Não havia outra saída: ou apostava-se nos imunizantes, ainda novos e experimentais, para conter uma doença sem medicamentos realmente eficazes ou deixava-se o vírus correr solto matando muita gente que poderia ter sido salva se houvesse outra política de saúde pública pautada no distanciamento social, em lockdowns e vacinação em massa de forma acelerada. Foi isso que governantes de países como Reino Unido, Israel e EUA perceberam.

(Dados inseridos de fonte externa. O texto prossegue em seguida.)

Theorem lemma4p1 (R : realType) (d n : nat)
  (A : 'I_d -> 'M[R[i]]_n) (b : 'I_d -> R)
  (X : ('I_d -> R[i]) -> 'M[R[i]]_n) :
  (forall j, is_hermitian (A j)) ->
  strongly_pseudoconvex A ->
  lincomb (fun j => rC (b j)) A \in unitmx ->
  (* X(a) is, for a near 0, the unique matrix of norm < 1 solving the equation *)
  (exists2 eps : R, 0 < eps &
     forall a : 'I_d -> R[i], (forall j, cabs (a j) < eps) ->
       [/\ opnorm (X a) < 1, solves_eq A b a (X a) &
           forall Y : 'M[R[i]]_n, opnorm Y < 1 -> solves_eq A b a Y -> Y = X a]) ->
  exists2 delta : R, 0 < delta &
    forall a0 : 'I_d -> R, (forall j, `|a0 j| < delta) ->
      Aa A b (fun j => rC (a0 j)) = 1%:M ->
      let P := Pa A (fun j => rC (a0 j)) in
      let X0 := X (fun j => rC (a0 j)) in
      forall s : 'I_d,
        exists D : 'M[R[i]]_n,
          [/\ mx_has_derive0 (fun t => X (shift_re a0 s t)) D,
              injective (phimap P X0),
              phimap P X0 D = - (A s *m ((1%:M - X0) *m (1%:M - X0))) &
              exists2 N : 'M[R[i]]_n, phimap P X0 N = A s &
                D = - (N *m ((1%:M - X0) *m (1%:M - X0)))].
Proof.
(* Pseudoconvexity and the invertibility of [sum_j b_j A_j] only serve to construct [X],
   which is given here. *)
move=> A_herm _ _ [eps eps_gt0 X_unique].
have X_sol a : (forall j, cabs (a j) < eps) -> opnorm (X a) < 1 /\ solves_eq A b a (X a).
  by move=> /X_unique[].
have [delta0 delta0_gt0 P_small] := Pa_small A (ler0n _ (n ^ 2)).
exists (Num.min (eps / 2) delta0) => [|a0 a0_small Aa1 P X0 s].
  by rewrite lt_min delta0_gt0 divr_gt0.
have [a0_eps a0_delta0] : (forall j, `|a0 j| < eps / 2) /\ (forall j, `|a0 j| < delta0).
  by split=> j; have := a0_small j; rewrite lt_min => /andP[].
have eps2_gt0 : 0 < eps / 2 by rewrite divr_gt0.
have X00 : X (shift_re a0 s 0) = X0 by rewrite shift_re0.
have X0_le : l1norm X0 <= (n ^ 2)%:R.
  by rewrite -X00 (shifted_solution_le s X_sol a0_eps) ?normr0.
have X0_sol := base_solution_eq A_herm eps_gt0 X_sol a0_eps Aa1.
have P_small0 := P_small a0 a0_delta0.
have phi_inj := phimap_inj (mul_l1norm_small X0_le P_small0).
set W := (1%:M - X0) *m (1%:M - X0).
have XW : comm_mx X0 W by have XU := comm_mxB (comm_mx1 X0) (comm_mx_refl X0); apply: comm_mxM.
have [D D_eq] := linear_inj_surj phi_inj (- (A s *m W)).
have [N N_eq] := linear_inj_surj phi_inj (A s).
exists D; split => //; last first.
  by exists N => //; apply: phi_inj; rewrite D_eq linearN /= phimap_mulmx_comm // N_eq.
apply: (mx_has_derive0_quadratic eps2_gt0) => t t_small; rewrite X00.
exact: (ler_l1norm_solution_second_order X0_sol X0_le P_small0 D_eq
  (shifted_solution_eq s A_herm X_sol a0_eps Aa1 t_small)
  (shifted_solution_le s X_sol a0_eps t_small)).
Qed.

E que Bolsonaro, talvez, mal assessorado, não se deu conta. Se tivesse dado crédito a ciência, buscado informações fidedignas sobre as novas tecnologias de vacinas como a da Pfizer, uma farmacêutica extremamente renomada, tudo poderia ter sido diferente. Afinal, a tecnologia de vacinas por DNA e RNA mensageiros já vem sendo estudada há anos. Mas, Bolsonaro preferiu a campanha antivacinação, apostando no “medo de virar jacaré”.